TASK: Only certain lines below are wanted: those starting at the line containing "Lemma sum_neq0 (I0" and ending at the line containing "Proof. by rewrite sum_pred1", both included, each retyped exactly.

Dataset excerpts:
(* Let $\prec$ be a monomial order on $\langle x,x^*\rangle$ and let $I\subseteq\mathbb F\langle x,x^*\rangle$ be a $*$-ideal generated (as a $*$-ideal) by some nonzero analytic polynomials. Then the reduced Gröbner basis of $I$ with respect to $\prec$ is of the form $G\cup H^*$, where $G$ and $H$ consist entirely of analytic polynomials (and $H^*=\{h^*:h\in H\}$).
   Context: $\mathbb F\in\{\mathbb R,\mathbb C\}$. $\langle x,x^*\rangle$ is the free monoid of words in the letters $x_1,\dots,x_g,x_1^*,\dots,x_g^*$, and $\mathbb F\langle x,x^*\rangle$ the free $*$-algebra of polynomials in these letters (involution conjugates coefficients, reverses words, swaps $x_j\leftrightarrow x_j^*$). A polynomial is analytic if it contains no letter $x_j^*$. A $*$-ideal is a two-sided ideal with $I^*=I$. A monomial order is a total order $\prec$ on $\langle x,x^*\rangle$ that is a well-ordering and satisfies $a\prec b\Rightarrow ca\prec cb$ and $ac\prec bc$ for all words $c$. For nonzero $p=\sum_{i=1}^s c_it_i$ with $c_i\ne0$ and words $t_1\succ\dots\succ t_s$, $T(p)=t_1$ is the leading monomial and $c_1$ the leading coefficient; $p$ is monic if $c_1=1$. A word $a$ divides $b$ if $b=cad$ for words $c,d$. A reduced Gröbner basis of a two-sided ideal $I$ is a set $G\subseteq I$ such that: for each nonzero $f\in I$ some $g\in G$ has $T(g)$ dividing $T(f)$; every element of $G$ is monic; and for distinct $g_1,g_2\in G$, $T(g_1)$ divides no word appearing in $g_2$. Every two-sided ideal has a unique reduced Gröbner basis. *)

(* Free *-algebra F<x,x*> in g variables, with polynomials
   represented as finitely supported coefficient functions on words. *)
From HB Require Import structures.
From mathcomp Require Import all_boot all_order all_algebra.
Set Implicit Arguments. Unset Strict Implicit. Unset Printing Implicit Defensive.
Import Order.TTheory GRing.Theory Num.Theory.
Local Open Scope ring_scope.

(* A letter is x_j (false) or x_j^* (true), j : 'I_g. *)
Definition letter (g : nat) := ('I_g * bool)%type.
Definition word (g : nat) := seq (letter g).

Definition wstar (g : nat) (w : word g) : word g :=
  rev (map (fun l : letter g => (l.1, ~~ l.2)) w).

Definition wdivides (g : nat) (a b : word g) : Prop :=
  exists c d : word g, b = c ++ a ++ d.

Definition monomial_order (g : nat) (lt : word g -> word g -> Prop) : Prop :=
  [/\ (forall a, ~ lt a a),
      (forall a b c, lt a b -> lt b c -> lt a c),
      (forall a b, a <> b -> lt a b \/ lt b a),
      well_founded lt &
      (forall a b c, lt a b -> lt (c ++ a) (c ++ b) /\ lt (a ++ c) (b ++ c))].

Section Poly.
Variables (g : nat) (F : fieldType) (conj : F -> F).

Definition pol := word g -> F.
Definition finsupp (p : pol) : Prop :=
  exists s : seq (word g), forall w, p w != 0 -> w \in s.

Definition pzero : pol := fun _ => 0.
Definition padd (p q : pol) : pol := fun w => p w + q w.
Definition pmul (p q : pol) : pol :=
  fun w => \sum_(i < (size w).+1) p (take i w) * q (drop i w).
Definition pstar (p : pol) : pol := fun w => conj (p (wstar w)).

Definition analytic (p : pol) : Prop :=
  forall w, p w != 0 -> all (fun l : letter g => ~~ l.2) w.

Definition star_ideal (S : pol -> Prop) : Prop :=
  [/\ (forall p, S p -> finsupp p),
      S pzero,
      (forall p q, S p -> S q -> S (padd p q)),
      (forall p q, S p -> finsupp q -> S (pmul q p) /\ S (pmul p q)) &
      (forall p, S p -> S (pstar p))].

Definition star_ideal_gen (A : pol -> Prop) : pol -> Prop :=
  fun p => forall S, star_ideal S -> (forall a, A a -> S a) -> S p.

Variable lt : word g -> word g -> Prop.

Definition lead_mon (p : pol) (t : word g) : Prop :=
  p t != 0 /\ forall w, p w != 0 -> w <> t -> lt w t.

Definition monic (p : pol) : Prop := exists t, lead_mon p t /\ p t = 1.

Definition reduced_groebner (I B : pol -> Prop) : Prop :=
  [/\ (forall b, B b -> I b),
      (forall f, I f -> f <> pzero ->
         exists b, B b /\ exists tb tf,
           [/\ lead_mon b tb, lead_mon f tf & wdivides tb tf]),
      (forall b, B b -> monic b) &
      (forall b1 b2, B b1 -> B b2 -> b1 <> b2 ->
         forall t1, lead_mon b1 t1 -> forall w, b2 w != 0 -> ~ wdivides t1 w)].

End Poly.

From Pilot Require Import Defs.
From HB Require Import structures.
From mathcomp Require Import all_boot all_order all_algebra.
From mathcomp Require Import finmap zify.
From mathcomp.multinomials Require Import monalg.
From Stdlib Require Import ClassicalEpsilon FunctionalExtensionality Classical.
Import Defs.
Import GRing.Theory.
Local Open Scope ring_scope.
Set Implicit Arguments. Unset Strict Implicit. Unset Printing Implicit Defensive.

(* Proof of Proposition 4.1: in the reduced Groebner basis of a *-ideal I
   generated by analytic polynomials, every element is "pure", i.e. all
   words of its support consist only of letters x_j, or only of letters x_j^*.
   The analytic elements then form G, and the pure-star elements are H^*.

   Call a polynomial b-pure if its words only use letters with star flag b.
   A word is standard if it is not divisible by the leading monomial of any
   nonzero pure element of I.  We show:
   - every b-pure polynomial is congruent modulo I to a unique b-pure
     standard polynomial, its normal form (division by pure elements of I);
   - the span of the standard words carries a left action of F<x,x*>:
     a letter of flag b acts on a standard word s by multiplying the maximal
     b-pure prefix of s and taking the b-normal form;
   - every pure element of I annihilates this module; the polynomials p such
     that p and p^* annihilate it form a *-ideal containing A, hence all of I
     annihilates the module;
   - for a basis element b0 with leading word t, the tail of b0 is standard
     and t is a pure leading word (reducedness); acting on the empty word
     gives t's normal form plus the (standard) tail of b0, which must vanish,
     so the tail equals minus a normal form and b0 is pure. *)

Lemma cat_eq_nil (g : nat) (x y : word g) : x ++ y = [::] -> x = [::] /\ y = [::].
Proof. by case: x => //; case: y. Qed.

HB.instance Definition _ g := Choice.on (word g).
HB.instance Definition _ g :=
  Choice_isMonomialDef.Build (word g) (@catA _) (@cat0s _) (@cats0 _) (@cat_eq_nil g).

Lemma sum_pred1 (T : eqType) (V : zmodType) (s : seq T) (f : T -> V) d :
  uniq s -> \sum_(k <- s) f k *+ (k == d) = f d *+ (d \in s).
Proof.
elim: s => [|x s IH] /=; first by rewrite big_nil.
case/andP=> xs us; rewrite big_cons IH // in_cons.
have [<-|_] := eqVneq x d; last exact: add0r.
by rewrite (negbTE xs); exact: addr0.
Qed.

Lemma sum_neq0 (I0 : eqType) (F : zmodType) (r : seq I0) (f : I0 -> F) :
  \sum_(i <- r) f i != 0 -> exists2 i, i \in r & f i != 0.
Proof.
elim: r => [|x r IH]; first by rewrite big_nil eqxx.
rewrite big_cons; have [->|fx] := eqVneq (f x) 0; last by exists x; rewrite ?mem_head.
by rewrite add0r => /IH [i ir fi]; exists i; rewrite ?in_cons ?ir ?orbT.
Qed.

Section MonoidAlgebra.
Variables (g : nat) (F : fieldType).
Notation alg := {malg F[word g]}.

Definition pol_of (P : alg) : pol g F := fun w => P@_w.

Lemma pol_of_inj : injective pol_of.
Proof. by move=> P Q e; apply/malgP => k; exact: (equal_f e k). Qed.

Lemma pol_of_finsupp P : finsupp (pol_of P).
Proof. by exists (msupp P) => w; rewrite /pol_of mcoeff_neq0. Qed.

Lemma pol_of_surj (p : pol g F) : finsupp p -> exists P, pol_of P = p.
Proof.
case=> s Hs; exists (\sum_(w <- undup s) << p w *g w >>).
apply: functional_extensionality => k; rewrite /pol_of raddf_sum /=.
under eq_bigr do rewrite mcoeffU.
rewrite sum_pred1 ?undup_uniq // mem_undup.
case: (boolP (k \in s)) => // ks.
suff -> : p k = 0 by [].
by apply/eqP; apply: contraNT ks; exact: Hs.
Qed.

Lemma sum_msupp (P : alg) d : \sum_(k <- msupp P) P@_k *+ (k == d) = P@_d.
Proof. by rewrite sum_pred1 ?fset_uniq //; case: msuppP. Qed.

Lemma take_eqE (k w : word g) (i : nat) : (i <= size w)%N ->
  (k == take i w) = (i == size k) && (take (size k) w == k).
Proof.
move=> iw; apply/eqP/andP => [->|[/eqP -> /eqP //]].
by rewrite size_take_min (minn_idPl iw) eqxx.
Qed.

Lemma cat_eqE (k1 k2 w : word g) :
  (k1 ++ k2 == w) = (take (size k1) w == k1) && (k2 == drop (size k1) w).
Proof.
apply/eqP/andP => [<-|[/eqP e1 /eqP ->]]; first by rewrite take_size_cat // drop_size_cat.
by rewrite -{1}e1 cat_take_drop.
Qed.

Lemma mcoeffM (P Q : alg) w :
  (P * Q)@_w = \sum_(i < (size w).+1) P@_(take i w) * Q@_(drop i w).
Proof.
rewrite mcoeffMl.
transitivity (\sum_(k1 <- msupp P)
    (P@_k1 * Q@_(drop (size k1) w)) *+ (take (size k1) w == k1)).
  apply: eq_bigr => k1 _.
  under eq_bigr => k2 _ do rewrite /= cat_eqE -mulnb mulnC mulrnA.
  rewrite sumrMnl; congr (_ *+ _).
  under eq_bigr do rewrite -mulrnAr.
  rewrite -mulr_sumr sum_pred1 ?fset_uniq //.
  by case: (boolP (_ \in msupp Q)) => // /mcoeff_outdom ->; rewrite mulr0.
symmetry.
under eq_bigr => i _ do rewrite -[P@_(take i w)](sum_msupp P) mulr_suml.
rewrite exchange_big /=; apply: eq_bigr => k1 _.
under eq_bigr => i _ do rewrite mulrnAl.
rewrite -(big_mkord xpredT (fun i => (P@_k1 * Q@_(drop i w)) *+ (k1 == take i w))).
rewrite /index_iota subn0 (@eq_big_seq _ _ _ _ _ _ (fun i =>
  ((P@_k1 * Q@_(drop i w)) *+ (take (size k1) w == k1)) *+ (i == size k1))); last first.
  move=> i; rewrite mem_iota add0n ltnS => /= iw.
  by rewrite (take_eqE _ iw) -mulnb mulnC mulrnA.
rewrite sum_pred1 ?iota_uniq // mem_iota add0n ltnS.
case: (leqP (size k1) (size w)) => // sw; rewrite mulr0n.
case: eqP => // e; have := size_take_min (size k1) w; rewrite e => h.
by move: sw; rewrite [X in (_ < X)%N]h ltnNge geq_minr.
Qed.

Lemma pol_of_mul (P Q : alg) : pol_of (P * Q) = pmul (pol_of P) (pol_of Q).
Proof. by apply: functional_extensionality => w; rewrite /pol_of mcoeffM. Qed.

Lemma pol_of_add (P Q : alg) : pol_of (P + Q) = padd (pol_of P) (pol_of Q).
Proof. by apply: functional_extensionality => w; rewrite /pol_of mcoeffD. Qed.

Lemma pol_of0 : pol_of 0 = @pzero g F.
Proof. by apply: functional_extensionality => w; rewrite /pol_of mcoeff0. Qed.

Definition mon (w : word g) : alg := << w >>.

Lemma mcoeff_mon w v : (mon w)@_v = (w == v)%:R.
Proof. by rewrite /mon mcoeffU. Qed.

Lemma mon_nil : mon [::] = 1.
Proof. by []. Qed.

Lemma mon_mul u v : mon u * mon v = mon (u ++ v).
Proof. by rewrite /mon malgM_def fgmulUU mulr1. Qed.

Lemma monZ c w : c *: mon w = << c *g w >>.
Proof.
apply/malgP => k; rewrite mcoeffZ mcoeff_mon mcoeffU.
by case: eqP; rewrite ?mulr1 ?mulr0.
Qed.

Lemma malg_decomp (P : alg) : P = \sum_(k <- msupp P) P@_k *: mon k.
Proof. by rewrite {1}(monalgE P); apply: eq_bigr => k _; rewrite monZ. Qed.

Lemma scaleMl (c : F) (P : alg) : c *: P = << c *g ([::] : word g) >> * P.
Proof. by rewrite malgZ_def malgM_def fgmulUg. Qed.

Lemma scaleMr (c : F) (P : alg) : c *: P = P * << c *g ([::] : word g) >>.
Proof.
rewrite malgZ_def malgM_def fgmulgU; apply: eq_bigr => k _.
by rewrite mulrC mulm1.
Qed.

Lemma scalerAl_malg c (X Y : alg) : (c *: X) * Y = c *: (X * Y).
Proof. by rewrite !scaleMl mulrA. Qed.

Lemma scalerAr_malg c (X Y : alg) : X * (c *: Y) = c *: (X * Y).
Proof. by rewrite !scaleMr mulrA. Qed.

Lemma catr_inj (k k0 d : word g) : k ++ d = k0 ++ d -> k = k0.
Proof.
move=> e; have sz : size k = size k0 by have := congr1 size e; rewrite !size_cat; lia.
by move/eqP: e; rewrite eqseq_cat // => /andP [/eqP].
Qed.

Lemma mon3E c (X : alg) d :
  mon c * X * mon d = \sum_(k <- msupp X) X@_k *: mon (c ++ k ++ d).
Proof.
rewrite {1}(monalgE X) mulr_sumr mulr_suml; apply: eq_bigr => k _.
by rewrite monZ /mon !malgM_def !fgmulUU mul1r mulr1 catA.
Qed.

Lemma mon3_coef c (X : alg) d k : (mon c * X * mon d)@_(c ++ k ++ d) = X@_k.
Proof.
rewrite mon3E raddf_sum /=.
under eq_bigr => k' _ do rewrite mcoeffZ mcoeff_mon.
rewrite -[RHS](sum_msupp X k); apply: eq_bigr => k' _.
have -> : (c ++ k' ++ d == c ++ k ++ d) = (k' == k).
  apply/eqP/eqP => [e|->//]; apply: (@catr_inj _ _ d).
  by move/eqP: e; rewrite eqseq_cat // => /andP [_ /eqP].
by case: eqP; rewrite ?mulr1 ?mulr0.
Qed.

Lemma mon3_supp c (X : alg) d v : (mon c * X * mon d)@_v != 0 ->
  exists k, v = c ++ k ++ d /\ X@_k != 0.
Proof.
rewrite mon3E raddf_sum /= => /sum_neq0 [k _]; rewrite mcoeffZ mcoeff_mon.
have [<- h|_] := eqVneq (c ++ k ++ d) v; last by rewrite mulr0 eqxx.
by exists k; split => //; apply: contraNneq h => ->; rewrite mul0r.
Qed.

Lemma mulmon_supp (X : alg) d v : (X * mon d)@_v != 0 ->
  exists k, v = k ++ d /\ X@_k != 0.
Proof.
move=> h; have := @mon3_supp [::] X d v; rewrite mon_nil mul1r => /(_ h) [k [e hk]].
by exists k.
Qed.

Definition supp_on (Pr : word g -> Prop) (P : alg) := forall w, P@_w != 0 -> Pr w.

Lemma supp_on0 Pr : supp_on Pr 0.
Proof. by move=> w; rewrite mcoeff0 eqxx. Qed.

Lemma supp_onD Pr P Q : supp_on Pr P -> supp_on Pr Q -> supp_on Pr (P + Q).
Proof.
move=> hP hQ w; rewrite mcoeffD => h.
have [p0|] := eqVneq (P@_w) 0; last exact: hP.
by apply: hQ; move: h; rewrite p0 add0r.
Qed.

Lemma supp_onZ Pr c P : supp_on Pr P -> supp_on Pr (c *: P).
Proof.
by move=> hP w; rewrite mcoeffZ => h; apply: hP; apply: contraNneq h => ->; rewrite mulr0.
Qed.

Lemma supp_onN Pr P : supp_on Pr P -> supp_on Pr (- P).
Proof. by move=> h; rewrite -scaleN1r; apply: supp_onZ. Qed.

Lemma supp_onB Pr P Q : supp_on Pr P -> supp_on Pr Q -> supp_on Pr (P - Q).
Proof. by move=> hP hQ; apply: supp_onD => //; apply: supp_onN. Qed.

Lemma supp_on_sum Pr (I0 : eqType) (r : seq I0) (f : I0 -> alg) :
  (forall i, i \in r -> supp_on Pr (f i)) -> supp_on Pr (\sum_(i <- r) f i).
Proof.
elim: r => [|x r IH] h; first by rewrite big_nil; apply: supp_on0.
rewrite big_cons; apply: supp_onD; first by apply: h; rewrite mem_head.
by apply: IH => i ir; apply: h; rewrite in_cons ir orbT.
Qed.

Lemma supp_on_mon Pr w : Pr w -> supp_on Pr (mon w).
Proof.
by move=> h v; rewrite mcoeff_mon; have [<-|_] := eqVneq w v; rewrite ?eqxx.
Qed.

RESULT FOR THIS TASK:
Lemma sum_neq0 (I0 : eqType) (F : zmodType) (r : seq I0) (f : I0 -> F) :
  \sum_(i <- r) f i != 0 -> exists2 i, i \in r & f i != 0.
Proof.
elim: r => [|x r IH]; first by rewrite big_nil eqxx.
rewrite big_cons; have [->|fx] := eqVneq (f x) 0; last by exists x; rewrite ?mem_head.
by rewrite add0r => /IH [i ir fi]; exists i; rewrite ?in_cons ?ir ?orbT.
Qed.

Section MonoidAlgebra.
Variables (g : nat) (F : fieldType).
Notation alg := {malg F[word g]}.

Definition pol_of (P : alg) : pol g F := fun w => P@_w.

Lemma pol_of_inj : injective pol_of.
Proof. by move=> P Q e; apply/malgP => k; exact: (equal_f e k). Qed.

Lemma pol_of_finsupp P : finsupp (pol_of P).
Proof. by exists (msupp P) => w; rewrite /pol_of mcoeff_neq0. Qed.

Lemma pol_of_surj (p : pol g F) : finsupp p -> exists P, pol_of P = p.
Proof.
case=> s Hs; exists (\sum_(w <- undup s) << p w *g w >>).
apply: functional_extensionality => k; rewrite /pol_of raddf_sum /=.
under eq_bigr do rewrite mcoeffU.
rewrite sum_pred1 ?undup_uniq // mem_undup.
case: (boolP (k \in s)) => // ks.
suff -> : p k = 0 by [].
by apply/eqP; apply: contraNT ks; exact: Hs.
Qed.

Lemma sum_msupp (P : alg) d : \sum_(k <- msupp P) P@_k *+ (k == d) = P@_d.
Proof. by rewrite sum_pred1 ?fset_uniq //; case: msuppP. Qed.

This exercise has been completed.